Of the infinitely many lines that are tangent to the curve y = −6 sin x and pass through the origin, there is one that has the largest slope. Use Newton's method to find the slope of that line correct to six decimal places.

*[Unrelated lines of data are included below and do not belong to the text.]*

(* Let c := T n0, where n0 is so large that a ball of radius c + 3r, of size
   at most (Delta+1)^(c + 3r), has at most n0 nodes; T = o(log n) makes such
   an n0 exist.  To mend a partial labeling at v in an arbitrary graph, copy
   the ball of radius c + 3r around v into a graph on n0 nodes, keep the labels
   up to distance c + 2r and put bottom beyond, mend there with radius c, and
   paste the mended c-ball back.  The verifier only sees radius-r balls, and
   every such ball that matters lies entirely inside the copy. *)

From mathcomp Require Import all_boot zify.
Set Implicit Arguments. Unset Strict Implicit. Unset Printing Implicit Defensive.

Lemma card_bigcup_le (I T : finType) (A : {pred I}) (F : I -> {set T}) :
  #|\bigcup_(i in A) F i| <= \sum_(i in A) #|F i|.
Proof.
elim/big_rec2: _ => [|i s U _ IH]; first by rewrite cards0.
exact: leq_trans (leq_card_setU _ _).1 (leq_add _ IH).
Qed.

Section Within.
Variables (n : nat) (e : rel 'I_n).

Lemma within_refl k u : within e k u u.
Proof. by elim: k => [|k IH] /=; rewrite ?eqxx ?IH. Qed.

Lemma within_mono k k' u w : k <= k' -> within e k u w -> within e k' u w.
Proof.
move=> /subnKC <-; elim: (k' - k) => [|m IH] h; first by rewrite addn0.
by rewrite addnS /= IH.
Qed.

Lemma within_edge k x y : e x y -> within e k.+1 x y.
Proof.
move=> exy /=; apply/orP; right; apply/existsP; exists x.
by rewrite within_refl exy.
Qed.

Lemma within_trans a b u x y :
  within e a u x -> within e b x y -> within e (a + b) u y.
Proof.
move=> hux; elim: b y => [|b IH] y /=; first by move/eqP <-; rewrite addn0.
rewrite addnS /= => /orP [/IH -> //|/existsP [w /andP [/IH hw ewy]]].
by apply/orP; right; apply/existsP; exists w; rewrite hw.
Qed.

Lemma within_sym k u w : symmetric e -> within e k u w -> within e k w u.
Proof.
move=> sym; elim: k u w => [|k IH] u w /=; first by rewrite eq_sym.
case/orP=> [/IH -> //|/existsP [x /andP [/IH hxu exw]]].
have ewx : e w x by rewrite sym.
by have := within_trans (within_edge 0 ewx) hxu; rewrite add1n.
Qed.

Definition ball k v := [set u | within e k v u].

Lemma mem_ball a k v u : a <= k -> within e a v u -> u \in ball k v.
Proof. by move=> ak /(within_mono ak); rewrite inE. Qed.

Lemma card_ball Delta k v :
  (forall x, #|[set u | e x u]| <= Delta) -> #|ball k v| <= Delta.+1 ^ k.
Proof.
move=> deg; elim: k => [|k IH].
  rewrite expn0 (_ : ball 0 v = [set v]) ?cards1 //.
  by apply/setP=> u; rewrite !inE eq_sym.
have sub : ball k.+1 v \subset \bigcup_(x in ball k v) (x |: [set u | e x u]).
  apply/subsetP=> u; rewrite inE /= => /orP [hu|/existsP [x /andP [hx exu]]].
    by apply/bigcupP; exists u; rewrite ?inE ?eqxx.
  by apply/bigcupP; exists x; rewrite !inE ?hx ?exu ?orbT.
rewrite expnSr; apply: leq_trans (subset_leq_card sub) _.
apply: leq_trans (card_bigcup_le _ _) _.
apply: leq_trans (_ : _ <= \sum_(x in ball k v) Delta.+1) _.
  by apply: leq_sum => x _; rewrite cardsU1 -add1n leq_add ?leq_b1 ?deg.
by rewrite sum_nat_const leq_mul2r IH orbT.
Qed.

let the point of contact be (x,y)
or (x, -6sinx)
Then for a tangent,
slope = m = (-6sinx - 0)/(x-0) = -6sinx/x

m = (-6sinx - 0)/(x-0) = -6sinx/x

dm/dx = (x(-6cosx - (-6sinx))/x^2 , by quotient rule
= 0 for a max/min

-6xcosx + 6sinx = 0
xcosx - sinx = 0
xcosx = sinx
x = sinx/cosx
tanx = x

let y = tanx - x
y' = sec^2 x - 1

Newton's Method"
x2 = x1 - y/y'
= x1 - (tan x1 - x1)/(sec^2 x1 - 1)
according to my sketch, x is between π and 2π, so how about
x1 = 4.5
x2 = 4.4936...

x1 = 4.4936
x2 = 4.4934096

x1 = 4.4934096
x2 = 4.4934095
how about that???

so m = -6sinx/x = 1.303402

and the tangent equation would be y = 1.303402x

check with Wolfram:
http://www.wolframalpha.com/input/?i=plot+y+%3D+-6sinx+%2C+y+%3D+1.3034x+%2C+0+%3C+x+%3C+10

Now , how good is that?

btw:
http://www.wolframalpha.com/input/?i=tanx+%3D+x
look at the 3rd solution.
we came up with that solution, had our guess been close to one of the other solutions, our Newton's Method would have zeroed in on the one closest to our guess.